Arizona-based EyeTech Digital Systems offers several interesting eye trackers where the new V1 caught my attention with its extended track-box of 25 x 18 x 50cm. The rather large depth range is provided through a custom auto focus mechanism developed in cooperation with Brigham Young University Dept. of Mechanical Engineering. This makes the device particularly suitable for larger displays such as public displays/digital signage, still the I'd imaging the calibration procedure to remain, ideally you'd want to walk up and interact/collect data automatically without any wizards or intervention. In any case, a larger trackbox is always welcome and it certainly opens up new opportunities. EyeTechs V1 offers 20cm more than most.

Method for Automatic Mapping of Eye Tracker Data to Hypermedia Content

Came across the United States Patent Application 20100295774 which has been filed by Craig Hennessey of Mirametrix. Essentially the system creates Regions Of Interest based on the HTML code (div-tags) to do an automatic mapping between gaze X&Y and the location of elements. This is done by accessing the Microsoft Document Object Model of an Intenet Explorer browser page to establish the "content tracker", a piece of software that generates the list of areas, their sizes and location on-screen which then are tagged with keywords (e.g logo, ad etc) This software will also keep track of several browser windows, their position and interaction state. 

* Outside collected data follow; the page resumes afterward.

Lemma sweep_start_lt1 (i : nat) : (i < N)%nat -> v s0 i < 1.
Proof.
  intros Hi; set (x := (s0 + t) / 2).
  destruct (v_inC x ltac:(unfold x; lra) i Hi) as [_ Hx1].
  rewrite (v_affine i x Hi) in Hx1 by (unfold x; lra).
  assert (0 < k * (x - s0)) by (apply Rmult_lt_0_compat; unfold x; lra).
  lra.
Qed.

Lemma sweep_end_le1 (i : nat) : (i < N)%nat -> v t i <= 1.
Proof.
  intros Hi; apply Rle_plus_epsilon; intros e He.
  set (h := Rmin (e / k) ((t - s0) / 2)).
  assert (Hh : 0 < h <= (t - s0) / 2).
  { split; [apply Rmin_pos; [apply Rdiv_lt_0_compat |] | apply Rmin_r]; lra. }
  assert (Hkh : k * h <= e).
  { apply Rle_trans with (k * (e / k)); [apply Rmult_le_compat_l; [lra | apply Rmin_l] |].
    right; field; lra. }
  destruct (v_inC (t - h) ltac:(lra) i Hi) as [_ Hx1].
  rewrite (v_affine i _ Hi) in Hx1 by lra; rewrite (v_affine i _ Hi) by lra.
  lra.
Qed.

Lemma sweep_preserves_As : in_As N (v s0) -> in_As N (v t).
Proof.
  intros Hs0.
  assert (Hsync : exists mu, 0 <= mu <= 1 /\ forall i, (i < N)%nat -> v s0 i = mu).
  { destruct Hs0 as [Hsync | Hbin]; [exact Hsync |].
    exists 0; split; [lra |]; intros i Hi.
    destruct (Hbin i Hi) as [H0 | H1]; [exact H0 |].
    pose proof (sweep_start_lt1 i Hi); lra. }
  destruct Hsync as [mu [Hmu Hsync]].
  destruct (Nat.eq_dec N 0) as [HN | HN]; [right; intros i Hi; lia |].
  left; exists (mu + k * (t - s0)); split.
  - assert (0 < k * (t - s0)) by (apply Rmult_lt_0_compat; lra).
    assert (HN0 : (0 < N)%nat) by lia.
    pose proof (sweep_end_le1 0 HN0) as Hend.
    rewrite (v_affine 0 t HN0), (Hsync 0%nat HN0) in Hend by lra.
    lra.
  - intros i Hi; rewrite (v_affine i t Hi), (Hsync i Hi) by lra; reflexivity.
Qed.

End Sweep.

Lemma jump_start_binary (N : nat) (tau : vec) : inD N tau -> in_As N tau -> binary N tau.
Proof.
  intros [_ [i0 [Hi0 Hfire]]] [[mu [_ Hsync]] | Hbin]; [| exact Hbin].
  intros i Hi; right; rewrite Hsync by exact Hi.
  rewrite <- (Hsync i0 Hi0); exact Hfire.
Qed.

Lemma G0_values (N : nat) (El : nat -> nat -> Prop) (r tau g : vec) (j : nat) :
  G0 N El r tau g -> (j < N)%nat -> g j = 0 \/ g j = 1 \/ g j = tau j.
Proof.
  intros [_ [i [_ [_ [Hgi Hrest]]]]] Hj.
  destruct (Nat.eq_dec j i) as [-> | Hji]; [now left |].
  destruct (Hrest j Hj Hji) as [[_ [[_ H] | [[_ [H | H]] | [_ H]]]] | [_ H]]; auto.
Qed.

Lemma Un_cv_eq0_or_vanishing (u w : nat -> R) (m : R) :
  (forall n, u n = 0 \/ u n = w n) -> Un_cv w 0 -> Un_cv u m -> m = 0.
Proof.
  intros Huw Hw Hu; apply (UL_sequence u); [exact Hu |].
  intros e He; destruct (Hw e He) as [n0 Hn0]; exists n0; intros n Hn.
  destruct (Huw n) as [-> | ->]; [rewrite Rdist_eq; exact He | exact (Hn0 n Hn)].
Qed.

Lemma Ghull_binary (N : nat) (El : nat -> nat -> Prop) (r tau g : vec) :
  Ghull N El r tau g -> binary N tau -> binary N g.
Proof.
  intros (ts & gs & HG0 & Hcv) Hbin j Hj; destruct (Hcv j Hj) as [Hts Hgs].
  (* [x * x - x] is continuous and vanishes exactly on {0, 1} *)
  assert (Hroot : g j * g j - g j = 0).
  { apply (Un_cv_eq0_or_vanishing (fun n => gs n j * gs n j - gs n j)
                                  (fun n => ts n j * ts n j - ts n j)).
    - intros n; destruct (G0_values _ _ _ _ _ j (HG0 n) Hj) as [-> | [-> | ->]];
        [left; ring | left; ring | now right].
    - replace 0 with (tau j * tau j - tau j) by (destruct (Hbin j Hj) as [-> | ->]; ring).
      exact (CV_minus _ _ _ _ (CV_mult _ _ _ _ Hts Hts) Hts).
    - exact (CV_minus _ _ _ _ (CV_mult _ _ _ _ Hgs Hgs) Hgs). }
  replace (g j * g j - g j) with (g j * (g j - 1)) in Hroot by ring.
  destruct (Rmult_integral _ _ Hroot); [left | right]; lra.
Qed.

Lemma jump_preserves_As (N : nat) (El : nat -> nat -> Prop) (r tau g : vec) :
  inD N tau -> in_As N tau -> Ghull N El r tau g -> in_As N g.
Proof.
  intros HD HAs HG; right.
  exact (Ghull_binary N El r tau g HG (jump_start_binary N tau HD HAs)).
Qed.

Section Flow.

Variables (N : nat) (T : R) (r : vec) (xi : nat -> nat -> nat -> Prop).
Variables (dom : R -> nat -> Prop) (tau : R -> nat -> vec) (lam : R -> nat -> nat).
Hypothesis sol : is_solution N T r xi dom tau lam.
Variables (j : nat) (s0 t : R).
Hypothesis s0_lt_t : s0 < t.
Hypothesis flow_interval : forall s, s0 <= s <= t -> dom s j.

"A system for automatic mapping of eye-gaze data to hypermedia content utilizes high-level content-of-interest tags to identify regions of content-of-interest in hypermedia pages. User's computers are equipped with eye-gaze tracker equipment that is capable of determining the user's point-of-gaze on a displayed hypermedia page. A content tracker identifies the location of the content using the content-of-interest tags and a point-of-gaze to content-of-interest linker directly maps the user's point-of-gaze to the displayed content-of-interest. A visible-browser-identifier determines which browser window is being displayed and identifies which portions of the page are being displayed. Test data from plural users viewing test pages is collected, analyzed and reported."

To conclude the idea is to have multiple clients equipped with eye trackers that communicates with a server. The central machine coordinates studies and stores the gaze data from each session (in the cloud?). Overall a strategy that makes perfect sense if your differentiating factor is low-cost. 

Optimization and Dynamic Simulation of a Parallel Three Degree-of-Freedom Camera Orientation System (T. Villgrattner, 2010)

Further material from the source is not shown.